(Saved data entries)
Lemma large_narrow_filter {X : Type} (f : X -> C) (l : list X) : (forall x, In x l -> f x <> 0) ->
  exists g, (length l <= 8 * length (filter g l))%nat /\
    forall x y, In x (filter g l) -> In y (filter g l) -> narrow (f x) (f y).
Proof.
  intro Hf. destruct (pigeonhole_filter 8 (fun x => octant (f x)) l) as [j Hj];
    [intros; apply octant_lt|].
  exists (fun x => Nat.eqb (octant (f x)) j). split; auto.
  intros x y Hx Hy. apply filter_In in Hx as [Hx Ex], Hy as [Hy Ey].
  apply Nat.eqb_eq in Ex, Ey. apply same_octant_narrow; auto; congruence.
Qed.

Lemma card_quotset (A B : list Cx) :
  card (quotset A B) = length (nodup Cx_eq_dec (map quot (list_prod A B))).
Proof.
  unfold card, quotset. do 2 f_equal. apply map_ext. intros; apply Defs_Cdiv_eq.
Qed.

Lemma scaled_count_bound (q c p d s s' : nat) :
  (q <= 8 * p)%nat -> (c <= 8 * d)%nat -> (p * (d * d) <= 9 * (s * s'))%nat ->
  INR s * INR s' >= 1 / 4608 * INR q * INR c ^ 2.
Proof.
  intros Hq Hc Hpd.
  assert (Hnat : (q * (c * c) <= 4608 * (s * s'))%nat).
  { assert (q * (c * c) <= (8 * p) * ((8 * d) * (8 * d)))%nat
      by (apply Nat.mul_le_mono; auto; apply Nat.mul_le_mono; auto).
    lia. }
  apply le_INR in Hnat. rewrite !mult_INR in Hnat.
  replace (INR 4608) with 4608 in Hnat by (simpl; lra).
  simpl pow. lra.
Qed.

Theorem lemma2 :
  exists c : R, 0 < c /\
  forall A B C : list Cx,
    A <> nil -> B <> nil -> C <> nil ->
    ~ In C0 A -> ~ In C0 B -> ~ In C0 C ->
    INR (card (sumset (prodset A C) (prodset A C))) *
    INR (card (sumset (prodset B C) (prodset B C)))
    >= c * INR (card (quotset A B)) * INR (card C) ^ 2.
Proof.
  exists (1 / 4608). split; [lra|].
  intros A B C HA HB _ H0A H0B H0C.
  destruct (exists_transversal Cx_eq_dec quot (list_prod A B)) as [P [HP_AB [HP_quot HP_len]]].
  assert (HP_den : forall r, In r P -> snd r <> C0).
  { intros [a b] Hr E. apply HP_AB, in_prod_iff in Hr as [_ Hb]. simpl in E; subst; auto. }
  assert (HC_nz : forall c, In c (nodup Cx_eq_dec C) -> c <> C0).
  { intros c Hc E. apply nodup_In in Hc. subst; auto. }
  destruct (large_narrow_filter (X := Cx * Cx) snd P HP_den) as [g [Hg Hg_narrow]].
  destruct (large_narrow_filter (fun c : Cx => c) _ HC_nz) as [h [Hh Hh_narrow]].
  pose proof (narrow_classes_count A B C (filter h (nodup Cx_eq_dec C)) (filter g P)
    HA HB H0A H0B (incl_tran (incl_filter g P) HP_AB) (NoDup_map_filter quot g P HP_quot)
    Hg_narrow H0C (NoDup_filter h (NoDup_nodup Cx_eq_dec C))
    (fun c Hc => proj1 (nodup_In _ _ _) (incl_filter h _ c Hc)) Hh_narrow) as Hcount.
  replace (card (quotset A B)) with (length P) by (rewrite card_quotset; auto).
  exact (scaled_count_bound _ _ _ _ _ _ Hg Hh Hcount).
Qed.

> _Problem to work on_: Repeat exactly the lines from the first line of the records above through the line containing "(q <= 8 * p)%nat", both included, and nothing else.

> _Task output_:
Lemma large_narrow_filter {X : Type} (f : X -> C) (l : list X) : (forall x, In x l -> f x <> 0) ->
  exists g, (length l <= 8 * length (filter g l))%nat /\
    forall x y, In x (filter g l) -> In y (filter g l) -> narrow (f x) (f y).
Proof.
  intro Hf. destruct (pigeonhole_filter 8 (fun x => octant (f x)) l) as [j Hj];
    [intros; apply octant_lt|].
  exists (fun x => Nat.eqb (octant (f x)) j). split; auto.
  intros x y Hx Hy. apply filter_In in Hx as [Hx Ex], Hy as [Hy Ey].
  apply Nat.eqb_eq in Ex, Ey. apply same_octant_narrow; auto; congruence.
Qed.

Lemma card_quotset (A B : list Cx) :
  card (quotset A B) = length (nodup Cx_eq_dec (map quot (list_prod A B))).
Proof.
  unfold card, quotset. do 2 f_equal. apply map_ext. intros; apply Defs_Cdiv_eq.
Qed.

Lemma scaled_count_bound (q c p d s s' : nat) :
  (q <= 8 * p)%nat -> (c <= 8 * d)%nat -> (p * (d * d) <= 9 * (s * s'))%nat ->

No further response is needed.